In the Interest of M.J.M. and J.A.M., Children v. the State of Texas
This text of In the Interest of M.J.M. and J.A.M., Children v. the State of Texas (In the Interest of M.J.M. and J.A.M., Children v. the State of Texas) is published on Counsel Stack Legal Research, covering Texas Court of Appeals, 4th District (San Antonio) primary law. Counsel Stack provides free access to over 12 million legal documents including statutes, case law, regulations, and constitutions.
Opinion
Fourth Court of Appeals San Antonio, Texas MEMORANDUM OPINION
No. 04-25-00490-CV
IN THE INTEREST OF M.J.M. and J.A.M., Children
From the 57th Judicial District Court, Bexar County, Texas Trial Court No. 2024-PA-01486 Honorable Raul Perales, Judge Presiding
Opinion by: Rebeca C. Martinez, Chief Justice
Sitting: Rebeca C. Martinez, Chief Justice Lori Massey Brissette, Justice H. Todd McCray, Justice
Delivered and Filed: January 7, 2026
AFFIRMED
Appellant M.A.M. (“Father”) appeals the trial court’s order terminating his parental rights
to his children, M.J.M. and J.A.M. 1 The trial court found, by clear and convincing evidence, that
Father had engaged in the conduct described by Texas Family Code section 161.001(b)(1)(E), (N),
and (O) and that termination of Father’s parental rights was in the children’s best interest. See
TEX. FAM. CODE ANN. § 161.001(b)(1)(E), (N), (O), (b)(2).

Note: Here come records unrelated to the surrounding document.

Theorem mainTheorem3 (c0 : R) (l : nat) (eps phi : R) (N : nat) :
  (0 < l)%nat -> 0 < eps < 1 -> (0 < N)%nat ->
  INR N >= 534 / 100 * ln (4 * INR l / eps) ->
  let px := (1 + cos (2 * PI * phi)) / 2 in
  let py := (1 + sin (2 * PI * phi)) / 2 in
  prob_indep_binom N px py
    (fun a _ => Rabs (INR a / INR N - px) <= 306 / 1000)
    >= sqrt (1 - eps / INR l) /\
  prob_indep_binom N px py
    (fun _ b => Rabs (INR b / INR N - py) <= 306 / 1000)
    >= sqrt (1 - eps / INR l) /\
  prob_indep_binom N px py
    (fun a b =>
       let t := fmod (atan2 c0 (2 * INR b / INR N - 1) (2 * INR a / INR N - 1))
                     (2 * PI) / (2 * PI) in
       let x := fmod (t - 1 / 6) 1 in
       0 < fmod (fmod phi 1 - x) 1 < 1 / 3)
    >= 1 - eps / INR l.
Proof.
  intros Hl Heps HN Hsize px py.
  assert (Hdelta : 0 <= eps / INR l <= 1).
  { assert (1 <= INR l) by (apply (le_INR 1); lia).
    split; [apply Rdiv_le_0_compat | apply (Rdiv_le_1 eps (INR l))]; lra. }
  assert (Hpx : 0 <= px <= 1) by (unfold px; pose proof (COS_bound (2 * PI * phi)); lra).
  assert (Hpy : 0 <= py <= 1) by (unfold py; pose proof (SIN_bound (2 * PI * phi)); lra).
  pose proof (hoeffding_sample_size l N eps Hl Heps Hsize) as Htail.
  pose proof (binom_hoeffding N px (306 / 1000) HN Hpx ltac:(lra)) as Hx.
  pose proof (binom_hoeffding N py (306 / 1000) HN Hpy ltac:(lra)) as Hy.
  pose proof (sqrt_1_sub_le _ Hdelta) as Hsqrt.
  rewrite prob_indep_binom_fst, prob_indep_binom_snd.
  split; [lra | split; [lra |]].
  apply Rle_ge, Rle_trans with ((1 - eps / INR l / 2) * (1 - eps / INR l / 2)); [nra |].
  eapply Rle_trans; [| apply prob_indep_binom_ge_mul with (1 := Hpx) (2 := Hpy)].
  2: exact (fun a b => phase_window_of_deviations c0 phi N a b HN).
  fold px py. apply Rmult_le_compat; lra.
Qed.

Father’s court-appointed appellate counsel filed a motion to withdraw and a brief
containing a professional evaluation of the record, concluding there are no arguable grounds for
1 To protect the identities of the minor children in this appeal, we refer to appellant and the children by their initials. See TEX. FAM. CODE ANN. § 109.002(d); TEX. R. APP. P. 9.8(b)(2). 04-25-00490-CV
reversal of the termination order. The brief satisfies the requirements of Anders v. California, 386
U.S. 738 (1967). See In re P.M., 520 S.W.3d 24, 27 n.10 (Tex. 2016) (per curiam) (recognizing
that Anders procedures apply in parental termination cases). Additionally, counsel represents that
he provided Father with a copy of the brief and the motion to withdraw, advised Father of his right
to review the record and file his own brief, and informed Father how to obtain a copy of the record,
providing him with a form motion for access to the appellate record. We issued an order setting a
deadline for Father to file a pro se brief. Father filed a “Motion for Brief for Appeal,” which we
construed as his pro se brief.
After reviewing the appellate record, appointed counsel’s brief, and Father’s pro se brief,
we conclude no plausible grounds exist for reversal of the termination order. Accordingly, we
affirm the trial court’s termination order. We deny counsel’s motion to withdraw because it does
not show good cause for withdrawal. See id. at 27 & n.7 (holding that counsel’s obligations in
parental termination case extend through exhaustion or waiver of all appeals and that withdrawal
should be permitted by court of appeals “only for good cause” (citing TEX. R. CIV. P. 10)).